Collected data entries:
■ ■ ■ ■

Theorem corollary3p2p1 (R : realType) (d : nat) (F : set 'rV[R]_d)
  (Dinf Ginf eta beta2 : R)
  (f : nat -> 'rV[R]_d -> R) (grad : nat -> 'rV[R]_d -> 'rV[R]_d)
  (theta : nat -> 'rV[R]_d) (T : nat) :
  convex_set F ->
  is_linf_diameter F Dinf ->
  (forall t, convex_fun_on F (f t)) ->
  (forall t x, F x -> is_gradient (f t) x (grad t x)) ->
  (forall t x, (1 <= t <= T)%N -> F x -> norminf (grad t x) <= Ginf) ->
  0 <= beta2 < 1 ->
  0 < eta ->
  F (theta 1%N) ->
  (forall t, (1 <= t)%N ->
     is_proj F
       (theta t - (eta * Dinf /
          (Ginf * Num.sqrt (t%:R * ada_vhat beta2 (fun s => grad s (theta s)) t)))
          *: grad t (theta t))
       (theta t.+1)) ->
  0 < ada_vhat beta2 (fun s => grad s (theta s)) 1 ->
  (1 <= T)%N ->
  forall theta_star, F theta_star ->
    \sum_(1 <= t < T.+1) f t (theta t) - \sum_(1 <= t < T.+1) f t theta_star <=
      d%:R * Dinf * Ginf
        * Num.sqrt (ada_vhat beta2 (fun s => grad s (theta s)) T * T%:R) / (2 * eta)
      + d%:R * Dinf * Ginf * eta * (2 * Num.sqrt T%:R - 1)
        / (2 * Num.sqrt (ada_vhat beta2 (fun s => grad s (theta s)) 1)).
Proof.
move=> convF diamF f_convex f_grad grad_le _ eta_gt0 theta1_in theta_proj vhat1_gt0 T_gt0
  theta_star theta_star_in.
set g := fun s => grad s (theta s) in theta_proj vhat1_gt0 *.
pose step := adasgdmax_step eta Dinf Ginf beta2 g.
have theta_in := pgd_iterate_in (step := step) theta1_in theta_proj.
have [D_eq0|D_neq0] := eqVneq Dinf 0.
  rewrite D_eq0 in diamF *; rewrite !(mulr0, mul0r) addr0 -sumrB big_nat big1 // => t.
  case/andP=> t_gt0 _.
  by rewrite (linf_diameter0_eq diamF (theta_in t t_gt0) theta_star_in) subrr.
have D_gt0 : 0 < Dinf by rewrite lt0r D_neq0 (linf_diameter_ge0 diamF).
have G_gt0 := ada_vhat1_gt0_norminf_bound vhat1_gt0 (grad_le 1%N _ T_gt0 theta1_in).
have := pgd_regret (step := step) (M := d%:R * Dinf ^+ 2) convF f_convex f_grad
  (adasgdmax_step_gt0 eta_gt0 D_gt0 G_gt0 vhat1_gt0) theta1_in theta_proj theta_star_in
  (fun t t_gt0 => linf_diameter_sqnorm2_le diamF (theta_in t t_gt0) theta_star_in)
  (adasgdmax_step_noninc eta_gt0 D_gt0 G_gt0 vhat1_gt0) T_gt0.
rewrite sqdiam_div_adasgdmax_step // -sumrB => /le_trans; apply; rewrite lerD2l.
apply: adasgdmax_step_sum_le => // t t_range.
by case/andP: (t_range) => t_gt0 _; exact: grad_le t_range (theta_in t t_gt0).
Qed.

■ ■ ■ ■

**Problem description**
Repeat the data exactly. Leave nothing out.

**Completed exercise**
Theorem corollary3p2p1 (R : realType) (d : nat) (F : set 'rV[R]_d)
  (Dinf Ginf eta beta2 : R)
  (f : nat -> 'rV[R]_d -> R) (grad : nat -> 'rV[R]_d -> 'rV[R]_d)
  (theta : nat -> 'rV[R]_d) (T : nat) :
  convex_set F ->
  is_linf_diameter F Dinf ->
  (forall t, convex_fun_on F (f t)) ->
  (forall t x, F x -> is_gradient (f t) x (grad t x)) ->
  (forall t x, (1 <= t <= T)%N -> F x -> norminf (grad t x) <= Ginf) ->
  0 <= beta2 < 1 ->
  0 < eta ->
  F (theta 1%N) ->
  (forall t, (1 <= t)%N ->
     is_proj F
       (theta t - (eta * Dinf /
          (Ginf * Num.sqrt (t%:R * ada_vhat beta2 (fun s => grad s (theta s)) t)))
          *: grad t (theta t))
       (theta t.+1)) ->
  0 < ada_vhat beta2 (fun s => grad s (theta s)) 1 ->
  (1 <= T)%N ->
  forall theta_star, F theta_star ->
    \sum_(1 <= t < T.+1) f t (theta t) - \sum_(1 <= t < T.+1) f t theta_star <=
      d%:R * Dinf * Ginf
        * Num.sqrt (ada_vhat beta2 (fun s => grad s (theta s)) T * T%:R) / (2 * eta)
      + d%:R * Dinf * Ginf * eta * (2 * Num.sqrt T%:R - 1)
        / (2 * Num.sqrt (ada_vhat beta2 (fun s => grad s (theta s)) 1)).
Proof.
move=> convF diamF f_convex f_grad grad_le _ eta_gt0 theta1_in theta_proj vhat1_gt0 T_gt0
  theta_star theta_star_in.
set g := fun s => grad s (theta s) in theta_proj vhat1_gt0 *.
pose step := adasgdmax_step eta Dinf Ginf beta2 g.
have theta_in := pgd_iterate_in (step := step) theta1_in theta_proj.
have [D_eq0|D_neq0] := eqVneq Dinf 0.
  rewrite D_eq0 in diamF *; rewrite !(mulr0, mul0r) addr0 -sumrB big_nat big1 // => t.
  case/andP=> t_gt0 _.
  by rewrite (linf_diameter0_eq diamF (theta_in t t_gt0) theta_star_in) subrr.
have D_gt0 : 0 < Dinf by rewrite lt0r D_neq0 (linf_diameter_ge0 diamF).
have G_gt0 := ada_vhat1_gt0_norminf_bound vhat1_gt0 (grad_le 1%N _ T_gt0 theta1_in).
have := pgd_regret (step := step) (M := d%:R * Dinf ^+ 2) convF f_convex f_grad
  (adasgdmax_step_gt0 eta_gt0 D_gt0 G_gt0 vhat1_gt0) theta1_in theta_proj theta_star_in
  (fun t t_gt0 => linf_diameter_sqnorm2_le diamF (theta_in t t_gt0) theta_star_in)
  (adasgdmax_step_noninc eta_gt0 D_gt0 G_gt0 vhat1_gt0) T_gt0.
rewrite sqdiam_div_adasgdmax_step // -sumrB => /le_trans; apply; rewrite lerD2l.
apply: adasgdmax_step_sum_le => // t t_range.
by case/andP: (t_range) => t_gt0 _; exact: grad_le t_range (theta_in t t_gt0).
Qed.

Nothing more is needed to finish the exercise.